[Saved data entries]
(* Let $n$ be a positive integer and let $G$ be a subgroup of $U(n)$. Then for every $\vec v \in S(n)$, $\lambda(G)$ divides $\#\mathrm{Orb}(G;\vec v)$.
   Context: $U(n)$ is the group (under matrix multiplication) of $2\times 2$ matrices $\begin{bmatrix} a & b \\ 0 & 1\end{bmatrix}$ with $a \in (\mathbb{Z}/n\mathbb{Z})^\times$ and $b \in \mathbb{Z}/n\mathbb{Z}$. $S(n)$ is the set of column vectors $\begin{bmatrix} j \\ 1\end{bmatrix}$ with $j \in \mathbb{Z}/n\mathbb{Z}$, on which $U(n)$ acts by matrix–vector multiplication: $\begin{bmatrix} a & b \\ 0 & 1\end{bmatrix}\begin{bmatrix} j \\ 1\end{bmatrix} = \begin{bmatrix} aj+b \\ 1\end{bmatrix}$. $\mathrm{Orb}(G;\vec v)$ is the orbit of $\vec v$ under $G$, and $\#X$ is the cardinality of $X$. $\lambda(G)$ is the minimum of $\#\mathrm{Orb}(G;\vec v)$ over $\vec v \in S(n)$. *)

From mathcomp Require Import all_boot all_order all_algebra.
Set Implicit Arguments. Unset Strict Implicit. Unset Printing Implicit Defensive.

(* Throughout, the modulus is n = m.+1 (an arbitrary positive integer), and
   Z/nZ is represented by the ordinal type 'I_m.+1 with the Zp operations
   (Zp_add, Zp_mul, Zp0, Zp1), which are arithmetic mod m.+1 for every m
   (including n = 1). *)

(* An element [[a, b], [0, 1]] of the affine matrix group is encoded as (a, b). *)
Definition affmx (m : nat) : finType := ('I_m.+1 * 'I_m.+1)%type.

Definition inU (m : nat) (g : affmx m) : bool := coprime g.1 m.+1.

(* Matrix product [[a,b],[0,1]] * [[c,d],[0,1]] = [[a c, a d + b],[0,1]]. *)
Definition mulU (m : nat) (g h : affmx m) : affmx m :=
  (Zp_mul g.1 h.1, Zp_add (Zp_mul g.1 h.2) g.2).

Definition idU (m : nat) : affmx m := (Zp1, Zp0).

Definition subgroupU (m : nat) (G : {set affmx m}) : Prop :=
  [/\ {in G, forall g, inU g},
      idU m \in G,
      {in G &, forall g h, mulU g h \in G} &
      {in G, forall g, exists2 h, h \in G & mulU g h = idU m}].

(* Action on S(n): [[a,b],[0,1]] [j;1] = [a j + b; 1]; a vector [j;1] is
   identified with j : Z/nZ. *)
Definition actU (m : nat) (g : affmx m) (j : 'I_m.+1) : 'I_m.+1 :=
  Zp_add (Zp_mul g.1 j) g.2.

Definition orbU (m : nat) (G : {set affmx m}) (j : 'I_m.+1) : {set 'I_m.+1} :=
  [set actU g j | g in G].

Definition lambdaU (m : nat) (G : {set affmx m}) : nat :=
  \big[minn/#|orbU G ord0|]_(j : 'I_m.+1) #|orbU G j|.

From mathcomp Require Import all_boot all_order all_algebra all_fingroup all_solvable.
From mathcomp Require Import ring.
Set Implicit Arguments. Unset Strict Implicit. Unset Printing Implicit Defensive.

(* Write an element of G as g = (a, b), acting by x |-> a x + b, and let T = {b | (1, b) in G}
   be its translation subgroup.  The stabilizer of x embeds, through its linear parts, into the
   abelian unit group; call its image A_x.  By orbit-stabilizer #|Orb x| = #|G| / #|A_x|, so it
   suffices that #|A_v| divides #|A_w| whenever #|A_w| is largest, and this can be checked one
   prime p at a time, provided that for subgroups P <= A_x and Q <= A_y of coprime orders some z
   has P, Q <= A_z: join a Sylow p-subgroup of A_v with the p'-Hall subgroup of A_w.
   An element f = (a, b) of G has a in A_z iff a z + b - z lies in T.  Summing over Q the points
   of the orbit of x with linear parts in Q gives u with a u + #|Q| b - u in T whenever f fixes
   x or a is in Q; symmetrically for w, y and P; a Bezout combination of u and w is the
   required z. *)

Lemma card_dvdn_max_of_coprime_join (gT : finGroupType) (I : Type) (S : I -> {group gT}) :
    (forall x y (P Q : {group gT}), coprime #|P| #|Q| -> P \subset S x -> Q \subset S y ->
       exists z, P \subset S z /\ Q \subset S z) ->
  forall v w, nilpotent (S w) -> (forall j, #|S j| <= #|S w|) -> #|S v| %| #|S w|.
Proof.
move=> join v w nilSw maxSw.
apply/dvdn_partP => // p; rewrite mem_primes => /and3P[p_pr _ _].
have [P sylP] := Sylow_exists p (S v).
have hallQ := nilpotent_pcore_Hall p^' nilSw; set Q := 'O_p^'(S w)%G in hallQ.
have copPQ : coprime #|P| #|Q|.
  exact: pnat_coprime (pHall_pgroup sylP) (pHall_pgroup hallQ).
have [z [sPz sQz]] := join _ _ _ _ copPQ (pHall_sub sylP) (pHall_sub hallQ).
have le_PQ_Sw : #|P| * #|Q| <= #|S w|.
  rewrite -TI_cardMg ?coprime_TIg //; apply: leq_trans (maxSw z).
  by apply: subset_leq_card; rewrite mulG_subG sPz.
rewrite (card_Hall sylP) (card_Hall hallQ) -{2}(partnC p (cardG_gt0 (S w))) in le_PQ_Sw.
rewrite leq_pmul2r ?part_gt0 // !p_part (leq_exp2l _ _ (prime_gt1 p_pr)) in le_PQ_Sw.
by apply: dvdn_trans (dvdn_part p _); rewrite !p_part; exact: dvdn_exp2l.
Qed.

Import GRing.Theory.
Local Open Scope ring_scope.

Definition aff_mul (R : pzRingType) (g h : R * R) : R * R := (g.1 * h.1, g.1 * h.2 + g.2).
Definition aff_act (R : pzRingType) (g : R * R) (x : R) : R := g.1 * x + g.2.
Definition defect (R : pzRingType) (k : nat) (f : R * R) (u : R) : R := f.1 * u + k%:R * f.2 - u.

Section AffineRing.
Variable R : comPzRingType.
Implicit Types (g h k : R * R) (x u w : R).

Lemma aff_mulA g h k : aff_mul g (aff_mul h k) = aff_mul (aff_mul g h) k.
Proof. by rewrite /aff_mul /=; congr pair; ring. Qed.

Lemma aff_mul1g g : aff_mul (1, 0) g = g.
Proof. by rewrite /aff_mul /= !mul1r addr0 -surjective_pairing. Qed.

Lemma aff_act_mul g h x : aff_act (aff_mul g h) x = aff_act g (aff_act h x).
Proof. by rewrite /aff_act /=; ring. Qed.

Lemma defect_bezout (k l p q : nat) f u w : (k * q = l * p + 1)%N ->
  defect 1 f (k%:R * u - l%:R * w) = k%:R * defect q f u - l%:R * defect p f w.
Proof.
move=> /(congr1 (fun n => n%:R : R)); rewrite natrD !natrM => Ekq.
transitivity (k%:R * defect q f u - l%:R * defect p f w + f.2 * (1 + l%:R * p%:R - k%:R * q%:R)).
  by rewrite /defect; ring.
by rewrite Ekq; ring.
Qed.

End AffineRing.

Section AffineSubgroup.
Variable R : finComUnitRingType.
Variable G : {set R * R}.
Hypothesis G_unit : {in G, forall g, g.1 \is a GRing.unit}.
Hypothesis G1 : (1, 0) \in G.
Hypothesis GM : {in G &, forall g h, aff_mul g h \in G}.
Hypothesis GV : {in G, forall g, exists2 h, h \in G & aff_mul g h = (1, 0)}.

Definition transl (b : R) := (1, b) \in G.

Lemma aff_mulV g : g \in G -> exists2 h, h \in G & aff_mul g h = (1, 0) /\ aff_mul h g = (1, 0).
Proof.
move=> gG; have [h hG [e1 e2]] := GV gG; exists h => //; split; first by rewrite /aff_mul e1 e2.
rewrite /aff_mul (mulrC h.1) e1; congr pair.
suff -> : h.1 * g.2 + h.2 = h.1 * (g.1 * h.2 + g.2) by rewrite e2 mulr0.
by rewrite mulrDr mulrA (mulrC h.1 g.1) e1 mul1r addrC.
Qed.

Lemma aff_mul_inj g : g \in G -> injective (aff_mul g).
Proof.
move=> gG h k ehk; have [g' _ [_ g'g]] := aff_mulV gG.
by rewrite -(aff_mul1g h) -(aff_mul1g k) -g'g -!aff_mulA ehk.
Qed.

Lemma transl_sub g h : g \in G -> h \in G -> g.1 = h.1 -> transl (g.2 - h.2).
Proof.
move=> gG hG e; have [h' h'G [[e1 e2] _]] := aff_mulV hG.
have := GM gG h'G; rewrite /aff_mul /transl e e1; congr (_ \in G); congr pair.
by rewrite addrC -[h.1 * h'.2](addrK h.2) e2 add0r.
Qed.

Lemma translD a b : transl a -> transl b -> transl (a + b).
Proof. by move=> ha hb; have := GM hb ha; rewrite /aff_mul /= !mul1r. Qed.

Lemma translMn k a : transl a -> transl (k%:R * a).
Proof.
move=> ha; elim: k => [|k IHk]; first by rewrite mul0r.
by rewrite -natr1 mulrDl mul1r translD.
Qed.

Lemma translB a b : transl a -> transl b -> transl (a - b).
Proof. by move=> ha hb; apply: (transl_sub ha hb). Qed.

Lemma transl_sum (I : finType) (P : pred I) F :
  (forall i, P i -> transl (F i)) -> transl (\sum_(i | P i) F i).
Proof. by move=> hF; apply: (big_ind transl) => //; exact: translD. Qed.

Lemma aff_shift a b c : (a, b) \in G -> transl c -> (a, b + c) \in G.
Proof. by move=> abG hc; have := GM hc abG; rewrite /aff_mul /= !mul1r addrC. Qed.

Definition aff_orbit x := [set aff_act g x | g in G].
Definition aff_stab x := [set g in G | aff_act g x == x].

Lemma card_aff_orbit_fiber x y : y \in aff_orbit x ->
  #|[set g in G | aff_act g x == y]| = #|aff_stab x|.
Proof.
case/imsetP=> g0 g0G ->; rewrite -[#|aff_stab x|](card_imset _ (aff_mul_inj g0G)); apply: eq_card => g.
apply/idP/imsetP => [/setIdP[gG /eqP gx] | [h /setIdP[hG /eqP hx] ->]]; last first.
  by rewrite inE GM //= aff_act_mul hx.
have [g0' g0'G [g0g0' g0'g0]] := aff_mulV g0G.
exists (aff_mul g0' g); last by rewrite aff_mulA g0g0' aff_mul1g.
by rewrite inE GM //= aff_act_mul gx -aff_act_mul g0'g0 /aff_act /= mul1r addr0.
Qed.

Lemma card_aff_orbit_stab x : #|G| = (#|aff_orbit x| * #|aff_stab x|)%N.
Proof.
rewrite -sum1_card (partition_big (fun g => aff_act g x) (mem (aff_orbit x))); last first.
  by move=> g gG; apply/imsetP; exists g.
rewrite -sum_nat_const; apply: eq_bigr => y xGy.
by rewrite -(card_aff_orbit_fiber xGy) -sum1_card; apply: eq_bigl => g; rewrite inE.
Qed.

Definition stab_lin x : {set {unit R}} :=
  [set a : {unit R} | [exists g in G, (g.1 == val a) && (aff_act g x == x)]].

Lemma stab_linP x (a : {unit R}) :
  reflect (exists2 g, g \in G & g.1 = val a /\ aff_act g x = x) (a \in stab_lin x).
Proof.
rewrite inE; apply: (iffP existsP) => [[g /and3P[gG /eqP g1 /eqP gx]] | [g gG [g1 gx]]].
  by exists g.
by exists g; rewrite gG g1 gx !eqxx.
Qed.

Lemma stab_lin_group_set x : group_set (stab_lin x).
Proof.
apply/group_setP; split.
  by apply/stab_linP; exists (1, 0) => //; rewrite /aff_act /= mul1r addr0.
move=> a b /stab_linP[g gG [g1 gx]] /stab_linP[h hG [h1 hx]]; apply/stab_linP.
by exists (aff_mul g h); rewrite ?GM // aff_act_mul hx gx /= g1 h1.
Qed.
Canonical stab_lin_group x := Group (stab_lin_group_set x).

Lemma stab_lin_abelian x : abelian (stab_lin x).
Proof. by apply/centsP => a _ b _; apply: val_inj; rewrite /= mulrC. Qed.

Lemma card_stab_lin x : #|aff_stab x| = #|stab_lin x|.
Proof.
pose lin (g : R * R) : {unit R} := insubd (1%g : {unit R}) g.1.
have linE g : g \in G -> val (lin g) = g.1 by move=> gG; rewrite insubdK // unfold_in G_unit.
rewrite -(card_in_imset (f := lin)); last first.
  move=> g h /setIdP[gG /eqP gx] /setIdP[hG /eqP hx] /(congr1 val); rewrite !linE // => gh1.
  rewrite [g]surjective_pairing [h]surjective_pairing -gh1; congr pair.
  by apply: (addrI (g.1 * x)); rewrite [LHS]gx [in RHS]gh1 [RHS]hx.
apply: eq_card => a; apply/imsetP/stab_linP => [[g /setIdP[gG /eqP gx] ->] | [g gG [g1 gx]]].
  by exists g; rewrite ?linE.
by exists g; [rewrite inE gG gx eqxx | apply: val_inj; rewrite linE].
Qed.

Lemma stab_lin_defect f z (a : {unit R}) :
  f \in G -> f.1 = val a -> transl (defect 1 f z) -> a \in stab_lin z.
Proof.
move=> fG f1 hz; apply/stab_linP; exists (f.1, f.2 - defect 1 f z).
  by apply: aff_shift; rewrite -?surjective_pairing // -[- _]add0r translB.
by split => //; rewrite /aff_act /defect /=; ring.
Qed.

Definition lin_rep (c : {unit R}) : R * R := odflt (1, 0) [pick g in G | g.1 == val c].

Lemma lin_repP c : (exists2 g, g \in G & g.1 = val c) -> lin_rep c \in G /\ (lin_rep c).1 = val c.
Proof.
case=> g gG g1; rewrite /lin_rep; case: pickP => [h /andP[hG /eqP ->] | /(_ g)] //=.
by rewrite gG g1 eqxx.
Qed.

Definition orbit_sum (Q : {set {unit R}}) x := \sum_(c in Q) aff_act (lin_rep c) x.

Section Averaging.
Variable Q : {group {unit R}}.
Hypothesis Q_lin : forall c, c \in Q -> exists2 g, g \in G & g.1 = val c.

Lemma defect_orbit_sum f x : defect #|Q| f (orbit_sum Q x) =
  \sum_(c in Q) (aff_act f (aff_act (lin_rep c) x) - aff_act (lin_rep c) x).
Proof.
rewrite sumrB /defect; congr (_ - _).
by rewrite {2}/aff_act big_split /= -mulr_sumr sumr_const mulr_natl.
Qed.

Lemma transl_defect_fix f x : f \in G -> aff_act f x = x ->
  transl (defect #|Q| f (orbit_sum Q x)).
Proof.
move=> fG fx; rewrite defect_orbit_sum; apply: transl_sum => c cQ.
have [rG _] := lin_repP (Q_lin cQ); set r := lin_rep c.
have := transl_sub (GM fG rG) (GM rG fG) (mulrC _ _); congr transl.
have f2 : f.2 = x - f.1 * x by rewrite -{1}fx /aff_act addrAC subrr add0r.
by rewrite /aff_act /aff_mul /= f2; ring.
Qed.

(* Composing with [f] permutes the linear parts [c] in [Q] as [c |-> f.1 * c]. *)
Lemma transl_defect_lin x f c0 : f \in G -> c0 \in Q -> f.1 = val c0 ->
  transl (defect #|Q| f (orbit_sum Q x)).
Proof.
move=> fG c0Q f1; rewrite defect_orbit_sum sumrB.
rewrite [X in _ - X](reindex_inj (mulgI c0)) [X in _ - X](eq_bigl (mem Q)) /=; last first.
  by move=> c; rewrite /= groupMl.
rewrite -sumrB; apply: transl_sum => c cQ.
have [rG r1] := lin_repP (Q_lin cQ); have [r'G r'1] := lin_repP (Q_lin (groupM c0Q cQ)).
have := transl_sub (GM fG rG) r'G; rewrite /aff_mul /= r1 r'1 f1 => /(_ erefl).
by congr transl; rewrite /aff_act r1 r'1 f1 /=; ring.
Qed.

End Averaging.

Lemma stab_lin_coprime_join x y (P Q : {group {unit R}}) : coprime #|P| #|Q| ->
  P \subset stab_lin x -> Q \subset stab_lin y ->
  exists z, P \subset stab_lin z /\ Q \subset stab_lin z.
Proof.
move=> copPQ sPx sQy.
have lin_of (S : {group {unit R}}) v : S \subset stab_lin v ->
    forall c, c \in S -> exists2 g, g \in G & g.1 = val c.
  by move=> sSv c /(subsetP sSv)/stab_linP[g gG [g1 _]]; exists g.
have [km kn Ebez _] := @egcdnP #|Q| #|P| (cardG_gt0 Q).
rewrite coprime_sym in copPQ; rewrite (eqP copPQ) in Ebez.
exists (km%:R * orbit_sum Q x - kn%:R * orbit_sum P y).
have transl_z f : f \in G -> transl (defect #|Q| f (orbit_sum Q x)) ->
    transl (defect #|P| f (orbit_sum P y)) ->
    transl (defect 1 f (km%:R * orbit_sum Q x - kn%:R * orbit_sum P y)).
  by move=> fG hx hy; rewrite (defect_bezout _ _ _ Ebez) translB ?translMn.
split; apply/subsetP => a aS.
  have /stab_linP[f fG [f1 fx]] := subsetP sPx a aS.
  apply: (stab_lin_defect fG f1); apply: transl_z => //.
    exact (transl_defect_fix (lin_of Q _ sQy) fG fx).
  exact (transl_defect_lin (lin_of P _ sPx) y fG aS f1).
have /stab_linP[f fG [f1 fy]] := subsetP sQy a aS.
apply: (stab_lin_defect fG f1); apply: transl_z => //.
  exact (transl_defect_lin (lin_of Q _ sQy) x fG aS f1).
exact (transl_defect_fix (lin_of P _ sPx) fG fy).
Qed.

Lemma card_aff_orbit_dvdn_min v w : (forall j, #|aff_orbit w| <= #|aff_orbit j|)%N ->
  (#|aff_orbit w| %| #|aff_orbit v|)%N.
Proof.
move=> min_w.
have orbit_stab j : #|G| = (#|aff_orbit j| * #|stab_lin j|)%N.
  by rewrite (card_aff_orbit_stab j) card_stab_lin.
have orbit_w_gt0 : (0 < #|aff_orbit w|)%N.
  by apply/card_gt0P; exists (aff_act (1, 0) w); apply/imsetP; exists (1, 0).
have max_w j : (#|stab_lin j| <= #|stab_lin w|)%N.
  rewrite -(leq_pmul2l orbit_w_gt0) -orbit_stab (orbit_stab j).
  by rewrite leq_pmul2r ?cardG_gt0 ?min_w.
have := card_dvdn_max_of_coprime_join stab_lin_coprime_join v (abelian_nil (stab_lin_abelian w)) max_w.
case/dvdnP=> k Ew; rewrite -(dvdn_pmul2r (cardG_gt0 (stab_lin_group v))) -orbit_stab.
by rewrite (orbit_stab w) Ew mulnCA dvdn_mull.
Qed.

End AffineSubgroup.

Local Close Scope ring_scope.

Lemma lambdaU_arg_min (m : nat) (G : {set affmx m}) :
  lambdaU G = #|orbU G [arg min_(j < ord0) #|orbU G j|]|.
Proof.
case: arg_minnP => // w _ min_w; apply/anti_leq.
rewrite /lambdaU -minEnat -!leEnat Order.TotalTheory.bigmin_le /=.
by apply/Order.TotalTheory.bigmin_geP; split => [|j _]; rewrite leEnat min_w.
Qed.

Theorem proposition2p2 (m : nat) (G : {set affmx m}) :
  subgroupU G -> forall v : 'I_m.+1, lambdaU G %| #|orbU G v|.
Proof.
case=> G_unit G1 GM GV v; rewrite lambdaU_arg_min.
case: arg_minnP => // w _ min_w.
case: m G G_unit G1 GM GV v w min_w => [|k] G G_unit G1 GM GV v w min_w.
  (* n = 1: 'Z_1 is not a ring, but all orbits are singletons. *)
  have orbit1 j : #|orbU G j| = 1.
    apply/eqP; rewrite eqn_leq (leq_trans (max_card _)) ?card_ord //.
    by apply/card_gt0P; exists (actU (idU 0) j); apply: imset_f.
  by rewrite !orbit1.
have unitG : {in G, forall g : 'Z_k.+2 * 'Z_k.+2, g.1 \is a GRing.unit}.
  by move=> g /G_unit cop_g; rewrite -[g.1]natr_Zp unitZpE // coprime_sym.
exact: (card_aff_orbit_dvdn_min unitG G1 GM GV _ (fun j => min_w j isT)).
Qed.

==

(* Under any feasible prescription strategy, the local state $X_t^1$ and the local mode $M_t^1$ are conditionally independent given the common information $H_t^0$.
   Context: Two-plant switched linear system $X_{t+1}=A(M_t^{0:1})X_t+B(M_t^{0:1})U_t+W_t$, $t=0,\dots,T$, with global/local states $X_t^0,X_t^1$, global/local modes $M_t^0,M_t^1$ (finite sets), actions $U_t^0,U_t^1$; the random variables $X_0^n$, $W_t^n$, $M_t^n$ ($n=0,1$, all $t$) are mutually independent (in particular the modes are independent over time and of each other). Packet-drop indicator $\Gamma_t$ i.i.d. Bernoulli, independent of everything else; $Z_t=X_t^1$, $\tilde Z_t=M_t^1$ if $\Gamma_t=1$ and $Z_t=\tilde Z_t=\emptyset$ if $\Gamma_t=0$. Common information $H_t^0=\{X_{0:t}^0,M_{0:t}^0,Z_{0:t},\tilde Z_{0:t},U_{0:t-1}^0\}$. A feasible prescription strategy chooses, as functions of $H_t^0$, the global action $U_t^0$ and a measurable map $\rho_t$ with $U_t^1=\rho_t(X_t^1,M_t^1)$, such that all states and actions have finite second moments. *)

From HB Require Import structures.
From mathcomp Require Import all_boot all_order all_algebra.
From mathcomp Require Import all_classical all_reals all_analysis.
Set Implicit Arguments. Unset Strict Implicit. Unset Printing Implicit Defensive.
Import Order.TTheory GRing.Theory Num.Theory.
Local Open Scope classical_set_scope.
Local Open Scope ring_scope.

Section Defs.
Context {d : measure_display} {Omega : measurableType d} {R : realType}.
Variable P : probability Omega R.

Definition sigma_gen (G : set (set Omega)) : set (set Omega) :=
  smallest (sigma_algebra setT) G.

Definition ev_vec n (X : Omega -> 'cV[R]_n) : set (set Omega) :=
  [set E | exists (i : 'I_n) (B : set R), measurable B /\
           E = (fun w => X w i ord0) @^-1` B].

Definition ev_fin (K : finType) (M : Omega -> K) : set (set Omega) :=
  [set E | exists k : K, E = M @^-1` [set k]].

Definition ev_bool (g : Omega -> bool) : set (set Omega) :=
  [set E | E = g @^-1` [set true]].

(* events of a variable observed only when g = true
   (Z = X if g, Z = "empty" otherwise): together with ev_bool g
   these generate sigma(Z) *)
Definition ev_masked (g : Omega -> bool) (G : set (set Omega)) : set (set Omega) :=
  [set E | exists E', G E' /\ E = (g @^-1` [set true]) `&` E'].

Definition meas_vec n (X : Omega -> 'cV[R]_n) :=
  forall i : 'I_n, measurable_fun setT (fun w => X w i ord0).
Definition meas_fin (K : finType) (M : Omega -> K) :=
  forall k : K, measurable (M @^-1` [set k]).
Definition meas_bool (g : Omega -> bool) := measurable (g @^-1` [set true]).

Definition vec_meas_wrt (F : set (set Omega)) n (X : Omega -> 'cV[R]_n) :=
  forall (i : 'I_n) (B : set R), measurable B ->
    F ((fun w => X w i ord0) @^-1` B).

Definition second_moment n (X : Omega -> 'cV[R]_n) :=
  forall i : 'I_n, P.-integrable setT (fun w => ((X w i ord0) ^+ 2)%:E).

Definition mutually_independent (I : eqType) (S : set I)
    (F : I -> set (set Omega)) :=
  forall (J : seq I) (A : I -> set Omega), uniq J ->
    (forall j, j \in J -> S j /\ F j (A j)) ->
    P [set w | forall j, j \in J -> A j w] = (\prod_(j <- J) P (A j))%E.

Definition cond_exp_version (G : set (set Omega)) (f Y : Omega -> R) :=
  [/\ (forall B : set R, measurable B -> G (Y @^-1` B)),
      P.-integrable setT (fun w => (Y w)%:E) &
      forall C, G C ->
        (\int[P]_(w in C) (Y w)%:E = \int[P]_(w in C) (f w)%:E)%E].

==

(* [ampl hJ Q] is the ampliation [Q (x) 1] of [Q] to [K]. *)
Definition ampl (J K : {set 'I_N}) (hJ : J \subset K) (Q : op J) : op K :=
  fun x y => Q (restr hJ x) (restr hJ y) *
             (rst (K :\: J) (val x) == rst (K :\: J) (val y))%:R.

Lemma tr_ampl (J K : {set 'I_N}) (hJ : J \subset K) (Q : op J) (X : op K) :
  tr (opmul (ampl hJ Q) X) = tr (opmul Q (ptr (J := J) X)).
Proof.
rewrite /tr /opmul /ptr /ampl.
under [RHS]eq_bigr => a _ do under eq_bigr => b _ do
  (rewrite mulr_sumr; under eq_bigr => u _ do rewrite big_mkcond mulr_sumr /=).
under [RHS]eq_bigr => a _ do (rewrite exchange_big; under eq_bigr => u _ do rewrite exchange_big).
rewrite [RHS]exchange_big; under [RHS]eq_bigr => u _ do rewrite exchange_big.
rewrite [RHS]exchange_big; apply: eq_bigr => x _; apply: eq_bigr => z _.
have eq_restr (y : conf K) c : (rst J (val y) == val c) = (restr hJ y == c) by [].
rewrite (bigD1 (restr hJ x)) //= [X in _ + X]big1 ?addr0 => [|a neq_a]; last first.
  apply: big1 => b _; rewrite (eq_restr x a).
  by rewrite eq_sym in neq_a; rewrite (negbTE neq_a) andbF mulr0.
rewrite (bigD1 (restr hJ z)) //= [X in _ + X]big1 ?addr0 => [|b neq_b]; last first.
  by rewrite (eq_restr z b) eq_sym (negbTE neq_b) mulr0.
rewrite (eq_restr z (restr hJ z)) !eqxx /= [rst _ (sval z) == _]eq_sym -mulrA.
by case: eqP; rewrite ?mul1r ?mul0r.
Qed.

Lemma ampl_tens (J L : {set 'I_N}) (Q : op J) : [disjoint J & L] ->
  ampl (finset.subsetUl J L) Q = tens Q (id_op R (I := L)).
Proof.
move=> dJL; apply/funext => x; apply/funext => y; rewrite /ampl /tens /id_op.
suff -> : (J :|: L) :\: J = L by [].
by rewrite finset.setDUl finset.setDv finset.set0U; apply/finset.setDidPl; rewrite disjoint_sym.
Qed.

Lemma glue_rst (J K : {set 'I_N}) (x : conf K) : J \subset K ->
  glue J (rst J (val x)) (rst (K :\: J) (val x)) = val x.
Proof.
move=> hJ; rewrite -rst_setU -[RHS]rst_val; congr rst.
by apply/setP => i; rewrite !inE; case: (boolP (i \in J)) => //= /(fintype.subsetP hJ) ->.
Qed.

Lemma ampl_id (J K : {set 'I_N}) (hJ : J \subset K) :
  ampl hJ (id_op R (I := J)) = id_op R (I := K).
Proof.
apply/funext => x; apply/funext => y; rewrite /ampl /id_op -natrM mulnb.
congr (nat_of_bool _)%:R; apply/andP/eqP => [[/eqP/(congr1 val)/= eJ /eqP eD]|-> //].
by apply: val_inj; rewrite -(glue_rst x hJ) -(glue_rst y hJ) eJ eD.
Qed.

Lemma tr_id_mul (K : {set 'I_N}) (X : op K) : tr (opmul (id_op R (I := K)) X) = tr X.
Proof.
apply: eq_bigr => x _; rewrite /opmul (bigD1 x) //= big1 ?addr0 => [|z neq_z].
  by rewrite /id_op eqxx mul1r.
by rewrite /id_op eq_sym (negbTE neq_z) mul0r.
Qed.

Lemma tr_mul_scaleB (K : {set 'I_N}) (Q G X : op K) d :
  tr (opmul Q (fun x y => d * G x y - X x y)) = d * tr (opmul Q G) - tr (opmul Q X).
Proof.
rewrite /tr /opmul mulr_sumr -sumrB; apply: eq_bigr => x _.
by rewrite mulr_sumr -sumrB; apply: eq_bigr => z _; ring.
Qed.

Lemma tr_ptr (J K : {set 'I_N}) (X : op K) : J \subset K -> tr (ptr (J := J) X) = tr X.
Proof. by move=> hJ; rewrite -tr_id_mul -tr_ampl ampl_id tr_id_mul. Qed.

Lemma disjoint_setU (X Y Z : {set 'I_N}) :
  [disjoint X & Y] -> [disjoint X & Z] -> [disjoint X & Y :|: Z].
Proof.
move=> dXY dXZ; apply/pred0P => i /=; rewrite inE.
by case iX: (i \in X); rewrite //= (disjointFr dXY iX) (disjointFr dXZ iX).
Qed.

# REQUIREMENT
Scan the records above for the string "andP", then select every line that holds it.

# SOLUTION
case=> g gG g1; rewrite /lin_rep; case: pickP => [h /andP[hG /eqP ->] | /(_ g)] //=.
congr (nat_of_bool _)%:R; apply/andP/eqP => [[/eqP/(congr1 val)/= eJ /eqP eD]|-> //].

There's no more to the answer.